Вот, что мы выиграли в Европе, столь ей служа? Одну ее ненависть! Мы сыграли там роль Репетилова, который гоняясь за фортуной, Приданого взял шиш, по службе ничего.

Главная причина в том состоит, что они не могут никак нас своими признать… Всему этому есть одна чрезвычайная причина: идею мы несем вовсе не ту, чем они, в человечество – вот причина!»

(Ф.М.Достоевский. Дневник писателя)

В.Перов. Портрет Ф.М.Достоевского

В.Перов. Портрет Ф.М.Достоевского

Введение

Раньше в кинотеатрах фильм предварялся  киножурналом. Вот и мы, чтобы не возникало впечатления, что вокруг Достоевского в России были одни либералы и отсутствовали таланты, начнем с Ивана Ивановича Шишкина, который как раз в эти времена и творил.

Великий И.И.Шишкин (1832-1898, на четыре года младше Толстого, на 11 лет младше Достоевского) маслом писал лучшие в мире пейзажи, оставил сотни блестящих рисунков, а его этюды превосходят многие и многие оконченные пейзажи и вовсе не за счет «вылизывания» деталей.
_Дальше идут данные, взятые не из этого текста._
(* Let $A,B$ be integers with $A>4$ and $B>2A$, let $n\ge 1$, and let $(a_i,b_i)$, $i=0,1,\dots,n+1$, be integers with $a_0=b_0=A$, such that $s_i:=a_{i+1}-a_i\ge 0$ and $t_i:=b_{i+1}-b_i\ge 0$ for $i=0,\dots,n$, and such that $\min(a_1,b_1)\in[A,A+3]$, $a_n+b_n\le B$ and $a_{n+1}+b_{n+1}>B$. Then for any $q>0$ and any positive, smooth, convex, decreasing function $g:(0,\infty)\to(0,\infty)$, $$ \sum_{i=0}^n\big[s_i\,g(b_iq)+t_i\,g(a_iq)\big]\ge \frac 2q\int_{Aq}^{Bq}g\;-\;2B\,g(Bq/2). $$ *)

From Stdlib Require Export Reals ZArith.
From Coquelicot Require Export Coquelicot.
Open Scope R_scope.

Definition pos_on_pos (g : R -> R) : Prop := forall x, 0 < x -> 0 < g x.

Definition smooth_on_pos (g : R -> R) : Prop :=
  forall (k : nat) (x : R), 0 < x -> ex_derive_n g k x.

Definition convex_on_pos (g : R -> R) : Prop :=
  forall x y t, 0 < x -> 0 < y -> 0 <= t <= 1 ->
    g (t * x + (1 - t) * y) <= t * g x + (1 - t) * g y.

Definition decreasing_on_pos (g : R -> R) : Prop :=
  forall x y, 0 < x -> x <= y -> g y <= g x.

(* The potential  Phi(x, y) = 2 * int_c^min(x,y) g + (max(x,y) - min(x,y)) * g(min(x,y))
   vanishes at (c, c), grows by at most  s g(y) + t g(x)  when (x, y) moves to
   (x + s, y + t) (a trapezoid bound for the convex g), and is at least
   2 int_c^D g - D g(D/2) once x + y >= D (g is decreasing).  Telescoping along the
   rescaled lattice path (a_i q, b_i q) from c = A q gives the inequality. *)
From Stdlib Require Import Reals ZArith Lra Lia Psatz.
From Coquelicot Require Import Coquelicot.
Open Scope R_scope.

Lemma convex_chord (g : R -> R) : convex_on_pos g ->
  forall y x z, 0 < y -> y < x -> y <= z <= x ->
  (x - y) * g z <= (x - z) * g y + (z - y) * g x.
Proof.
  intros gconv y x z Hy Hyx Hz.
  set (t := (x - z) / (x - y)).
  assert (Ht : 0 <= t <= 1).
  { unfold t; split.
    - apply Rdiv_le_0_compat; lra.
    - apply (Rmult_le_reg_r (x - y)); [lra|].
      unfold Rdiv. rewrite Rmult_assoc, Rinv_l; lra. }
  pose proof (gconv y x t Hy ltac:(lra) Ht) as Hconv.
  replace (t * y + (1 - t) * x) with z in Hconv by (unfold t; field; lra).
  replace ((x - z) * g y + (z - y) * g x) with ((x - y) * (t * g y + (1 - t) * g x))
    by (unfold t; field; lra).
  apply Rmult_le_compat_l; lra.
Qed.

Lemma nondecreasing_ge_start (u : nat -> R) (n : nat) :
  (forall k, (k <= n)%nat -> u k <= u (S k)) ->
  forall k, (k <= S n)%nat -> u 0%nat <= u k.
Proof.
  intros Hu k. induction k as [|k IH]; intros Hk.
  - lra.
  - pose proof (Hu k ltac:(lia)). pose proof (IH ltac:(lia)). lra.
Qed.

Section Potential.

Variable g : R -> R.
Hypothesis g_pos : pos_on_pos g.
Hypothesis g_cont : forall z, 0 < z -> continuous g z.
Hypothesis g_conv : convex_on_pos g.
Hypothesis g_dec : decreasing_on_pos g.

Lemma ex_RInt_pos u v : 0 < u -> 0 < v -> ex_RInt g u v.
Proof.
  intros Hu Hv. apply (ex_RInt_continuous (V:=R_CompleteNormedModule)).
  intros z [Hz _]. apply g_cont.
  assert (0 < Rmin u v) by (apply Rmin_glb_lt; auto). lra.
Qed.

Lemma RInt_sub_same_origin c u v : 0 < c -> 0 < u -> 0 < v ->
  RInt g c u - RInt g c v = RInt g v u.
Proof.
  intros Hc Hu Hv.
  rewrite <- (RInt_Chasles g c v u) by (apply ex_RInt_pos; auto).
  unfold plus; simpl. ring.
Qed.

Lemma RInt_decreasing_bounds v u : 0 < v -> v <= u ->
  0 <= RInt g v u <= (u - v) * g v.
Proof.
  intros Hv Hvu. split.
  - apply RInt_ge_0; auto.
    + apply ex_RInt_pos; lra.
    + intros z Hz. apply Rlt_le, g_pos; lra.
  - replace ((u - v) * g v) with (RInt (fun _ => g v) v u)
      by (rewrite RInt_const; reflexivity).
    apply RInt_le; auto.
    + apply ex_RInt_pos; lra.
    + apply ex_RInt_const.
    + intros z Hz. apply g_dec; lra.
Qed.

Lemma RInt_trapezoid y x : 0 < y -> y <= x ->
  2 * RInt g y x <= (x - y) * (g x + g y).
Proof.
  intros Hy Hyx.
  destruct (Req_dec y x) as [<-|Hne].
  { rewrite RInt_point. unfold zero; simpl. lra. }
  set (chord := fun z => ((x - z) * g y + (z - y) * g x) / (x - y)).
  set (F := fun z => ((z - y) ^ 2 * g x - (x - z) ^ 2 * g y) / (2 * (x - y))).
  assert (chord_cont : forall z, continuous chord z).
  { intros z. apply (ex_derive_continuous (V:=R_NormedModule)).
    unfold chord. auto_derive. lra. }
  assert (Hchord : RInt chord y x = (x - y) * (g x + g y) / 2).
  { apply (is_RInt_unique (V:=R_CompleteNormedModule)).
    replace ((x - y) * (g x + g y) / 2) with (minus (F x) (F y))
      by (unfold minus, plus, opp, F; simpl; field; lra).
    apply (is_RInt_derive (V:=R_CompleteNormedModule)).
    - intros z _. unfold F, chord. auto_derive; auto. field. lra.
    - intros z _. apply chord_cont. }
  assert (RInt g y x <= RInt chord y x).
  { apply RInt_le; auto.
    - apply ex_RInt_pos; lra.
    - apply (ex_RInt_continuous (V:=R_CompleteNormedModule)). intros z _. apply chord_cont.
    - intros z Hz. unfold chord. apply (Rmult_le_reg_r (x - y)); [lra|].
      unfold Rdiv. rewrite Rmult_assoc, Rinv_l, Rmult_1_r by lra.
      rewrite Rmult_comm. apply convex_chord; auto; lra. }
  lra.
Qed.

Definition potential c x y :=
  2 * RInt g c (Rmin x y) + (Rmax x y - Rmin x y) * g (Rmin x y).

Lemma potential_sym c x y : potential c x y = potential c y x.
Proof. unfold potential. rewrite Rmin_comm, Rmax_comm. reflexivity. Qed.

Lemma potential_diag c : potential c c c = 0.
Proof.
  unfold potential. rewrite Rmin_left, Rmax_left, RInt_point by lra.
  unfold zero; simpl. lra.
Qed.

Lemma potential_step_r c x y t : 0 < c -> 0 < x -> 0 < y -> 0 <= t ->
  potential c x (y + t) <= potential c x y + t * g x.
Proof.
  intros Hc Hx Hy Ht. unfold potential.
  destruct (Rle_lt_dec x y) as [Hxy|Hyx].
  - rewrite (Rmin_left x y), (Rmax_right x y), (Rmin_left x (y + t)),
      (Rmax_right x (y + t)) by lra.
    lra.
  - rewrite (Rmin_right x y), (Rmax_left x y) by lra.
    destruct (Rle_lt_dec x (y + t)) as [Hxyt|Hyt].
    + rewrite (Rmin_left x (y + t)), (Rmax_right x (y + t)) by lra.
      pose proof (RInt_sub_same_origin c x y Hc Hx Hy).
      pose proof (RInt_trapezoid y x Hy ltac:(lra)). lra.
    + rewrite (Rmin_right x (y + t)), (Rmax_left x (y + t)) by lra.
      pose proof (RInt_sub_same_origin c (y + t) y Hc ltac:(lra) Hy).
      pose proof (RInt_trapezoid y (y + t) Hy ltac:(lra)).
      pose proof (convex_chord g g_conv y x (y + t) Hy Hyx ltac:(lra)). lra.
Qed.

Lemma potential_step c x y s t : 0 < c -> 0 < x -> 0 < y -> 0 <= s -> 0 <= t ->
  potential c (x + s) (y + t) <= potential c x y + s * g y + t * g x.
Proof.
  intros Hc Hx Hy Hs Ht.
  pose proof (potential_step_r c x y t Hc Hx Hy Ht).
  pose proof (potential_step_r c (y + t) x s Hc ltac:(lra) Hx Hs).
  rewrite (potential_sym c (y + t) x), (potential_sym c (y + t) (x + s)) in *.
  assert (s * g (y + t) <= s * g y) by (apply Rmult_le_compat_l; auto; apply g_dec; lra).
  lra.
Qed.

Lemma potential_path_bound c (x y : nat -> R) n : 0 < c -> x 0%nat = c -> y 0%nat = c ->
  (forall k, (k <= n)%nat -> x k <= x (S k) /\ y k <= y (S k)) ->
  potential c (x (S n)) (y (S n)) <=
  sum_f_R0 (fun i => (x (S i) - x i) * g (y i) + (y (S i) - y i) * g (x i)) n.
Proof.
  intros Hc Hx0 Hy0 Hmono.
  assert (Hpos : forall k, (k <= S n)%nat -> c <= x k /\ c <= y k).
  { intros k Hk. rewrite <- Hx0, <- Hy0 at 1. split.
    - apply (nondecreasing_ge_start x n); auto. intros j Hj. apply Hmono; auto.
    - apply (nondecreasing_ge_start y n); auto. intros j Hj. apply Hmono; auto. }
  assert (Hstep : forall k, (k <= n)%nat ->
    potential c (x (S k)) (y (S k)) <= potential c (x k) (y k)
      + (x (S k) - x k) * g (y k) + (y (S k) - y k) * g (x k)).
  { intros k Hk. destruct (Hpos k ltac:(lia)). destruct (Hmono k Hk).
    replace (x (S k)) with (x k + (x (S k) - x k)) at 1 by ring.
    replace (y (S k)) with (y k + (y (S k) - y k)) at 1 by ring.
    apply potential_step; lra. }
  induction n as [|n IH].
  - pose proof (Hstep 0%nat (le_n _)) as Hfirst.
    rewrite Hx0, Hy0, potential_diag in Hfirst. simpl. rewrite Hx0, Hy0. lra.
  - pose proof (Hstep (S n) (le_n _)).
    assert (potential c (x (S n)) (y (S n)) <= sum_f_R0
      (fun i => (x (S i) - x i) * g (y i) + (y (S i) - y i) * g (x i)) n).
    { apply IH; intros k Hk; [apply Hmono | apply Hpos | apply Hstep]; lia. }
    simpl. lra.
Qed.

Lemma potential_ge c D x y : 0 < c -> 2 * c < D -> c <= x -> c <= y -> D <= x + y ->
  2 * RInt g c D - D * g (D / 2) <= potential c x y.
Proof.
  intros Hc HD Hx Hy Hxy. unfold potential.
  set (m := Rmin x y). set (M := Rmax x y).
  assert (Hm : c <= m) by (apply Rmin_glb; auto).
  assert (HmM : m + M = x + y /\ m <= M).
  { unfold m, M. destruct (Rle_dec x y).
    - rewrite Rmin_left, Rmax_right by lra. lra.
    - rewrite Rmin_right, Rmax_left by lra. lra. }
  pose proof (RInt_sub_same_origin c D (D / 2) Hc ltac:(lra) ltac:(lra)).
  pose proof (RInt_decreasing_bounds (D / 2) D ltac:(lra) ltac:(lra)).
  assert (0 < g m) by (apply g_pos; lra).
  destruct (Rle_lt_dec (D / 2) m) as [Hhalf|Hhalf].
  - pose proof (RInt_sub_same_origin c m (D / 2) Hc ltac:(lra) ltac:(lra)).
    pose proof (RInt_decreasing_bounds (D / 2) m ltac:(lra) Hhalf).
    assert (0 <= (M - m) * g m) by (apply Rmult_le_pos; lra).
    lra.
  - pose proof (RInt_sub_same_origin c (D / 2) m Hc ltac:(lra) ltac:(lra)).
    pose proof (RInt_decreasing_bounds m (D / 2) ltac:(lra) ltac:(lra)).
    assert ((D - 2 * m) * g m <= (M - m) * g m) by (apply Rmult_le_compat_r; lra).
    lra.
Qed.

Lemma lattice_path_sum_ge c D (x y : nat -> R) n : 0 < c -> 2 * c < D ->
  x 0%nat = c -> y 0%nat = c ->
  (forall k, (k <= n)%nat -> x k <= x (S k) /\ y k <= y (S k)) ->
  D <= x (S n) + y (S n) ->
  2 * RInt g c D - D * g (D / 2) <=
  sum_f_R0 (fun i => (x (S i) - x i) * g (y i) + (y (S i) - y i) * g (x i)) n.
Proof.
  intros Hc HD Hx0 Hy0 Hmono Hend.
  assert (Hmono_x : forall k, (k <= n)%nat -> x k <= x (S k)) by apply Hmono.
  assert (Hmono_y : forall k, (k <= n)%nat -> y k <= y (S k)) by apply Hmono.
  eapply Rle_trans; [apply potential_ge | apply potential_path_bound]; auto.
  - rewrite <- Hx0. exact (nondecreasing_ge_start x n Hmono_x (S n) (le_n _)).
  - rewrite <- Hy0. exact (nondecreasing_ge_start y n Hmono_y (S n) (le_n _)).
Qed.

End Potential.

Theorem lemma8 (A B : Z) (n : nat) (a b : nat -> Z) (q : R) (g : R -> R)
  (hA : (A > 4)%Z) (hB : (B > 2 * A)%Z) (hn : (1 <= n)%nat)
  (ha0 : a 0%nat = A) (hb0 : b 0%nat = A)
  (hs : forall i : nat, (i <= n)%nat -> (a (S i) - a i >= 0)%Z)
  (ht : forall i : nat, (i <= n)%nat -> (b (S i) - b i >= 0)%Z)
  (hmin : (A <= Z.min (a 1%nat) (b 1%nat) <= A + 3)%Z)
  (hnB : (a n + b n <= B)%Z)
  (hn1B : (a (S n) + b (S n) > B)%Z)
  (hq : 0 < q)
  (gpos : pos_on_pos g) (gsmooth : smooth_on_pos g)
  (gconv : convex_on_pos g) (gdec : decreasing_on_pos g) :
  sum_f_R0 (fun i => IZR (a (S i) - a i) * g (IZR (b i) * q)
                     + IZR (b (S i) - b i) * g (IZR (a i) * q)) n
  >= 2 / q * RInt g (IZR A * q) (IZR B * q) - 2 * IZR B * g (IZR B * q / 2).
Proof.
  set (x := fun i => IZR (a i) * q). set (y := fun i => IZR (b i) * q).
  set (c := IZR A * q). set (D := IZR B * q).
  assert (gcont : forall z, 0 < z -> continuous g z)
    by (intros z Hz; exact (ex_derive_continuous g z (gsmooth 1%nat z Hz))).
  assert (HA : 4 < IZR A) by (apply IZR_lt; lia).
  assert (HAB : 2 * IZR A < IZR B) by (rewrite <- mult_IZR; apply IZR_lt; lia).
  assert (Hmono : forall k, (k <= n)%nat -> x k <= x (S k) /\ y k <= y (S k)).
  { intros k Hk. pose proof (hs k Hk). pose proof (ht k Hk).
    unfold x, y; split; apply Rmult_le_compat_r; try lra; apply IZR_le; lia. }
  assert (Hc : 0 < c) by (unfold c; nra).
  assert (Hx0 : x 0%nat = c) by (unfold x, c; now rewrite ha0).
  assert (Hy0 : y 0%nat = c) by (unfold y, c; now rewrite hb0).
  assert (HD : D <= x (S n) + y (S n))
    by (unfold D, x, y; rewrite <- Rmult_plus_distr_r, <- plus_IZR;
        apply Rmult_le_compat_r; [lra | apply IZR_le; lia]).
  pose proof (lattice_path_sum_ge g gpos gcont gconv gdec c D x y n Hc
    ltac:(unfold c, D; nra) Hx0 Hy0 Hmono HD) as Hpath.
  rewrite (sum_eq _ (fun i => (IZR (a (S i) - a i) * g (IZR (b i) * q)
      + IZR (b (S i) - b i) * g (IZR (a i) * q)) * q)) in Hpath
    by (intros i _; unfold x, y; rewrite !minus_IZR; ring).
  rewrite <- scal_sum in Hpath. fold c D.
  assert (0 < g (D / 2)) by (apply gpos; unfold D; nra).
  assert (0 <= D * g (D / 2)) by (apply Rmult_le_pos; [unfold D; nra | lra]).
  apply Rle_ge, (Rmult_le_reg_r q); auto.
  replace ((2 / q * RInt g c D - 2 * IZR B * g (D / 2)) * q)
    with (2 * RInt g c D - 2 * D * g (D / 2)) by (unfold D; field; lra).
  lra.
Qed.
Но не о них речь. На СКУЛЬТПРИВЕТ уже была статья об еще одной не очень известной странице творчества Шишкина, связанной с подарком нижегородского дворянства  Александру II в 1870.

Возможно, будет любопытно узнать, что Шишкин – знаменитый создатель картин маслом – был еще и лучшим мастером пейзажного офорта. В этом деле ему также нет равных во всем мире. В рецензии на выставку работ Шишкина, состоявшуюся в декабре 1891 в Академии художеств в Санкт-Петербурге, так и было сказано:

«… Его рисунки углем, пером, карандашом, его офорты – это целая огромная школа…В офорте ему нет соперников… Если Европа его знает мало, то потому только, что это русский человек, нисколько не ищущий популярности. Настанет время, когда произведения Шишкина явятся школою для западных художников. Это не самообольщение русофила, а несомненная истина».

Шишкин. На краю березовой рощи. 1871. Гравюра

Шишкин. На краю березовой рощи. 1871. Гравюра

Шишкин. На реке после дождя. 1887. Гравюра

Шишкин. На реке после дождя. 1887. Гравюра

Шишкин. Автопортрет. 1886. Гравюра

Шишкин. Автопортрет. 1886. Гравюра

Таким образом, Шишкин – великий гравер, а в искусстве гравирования пейзажей он лучший в мире.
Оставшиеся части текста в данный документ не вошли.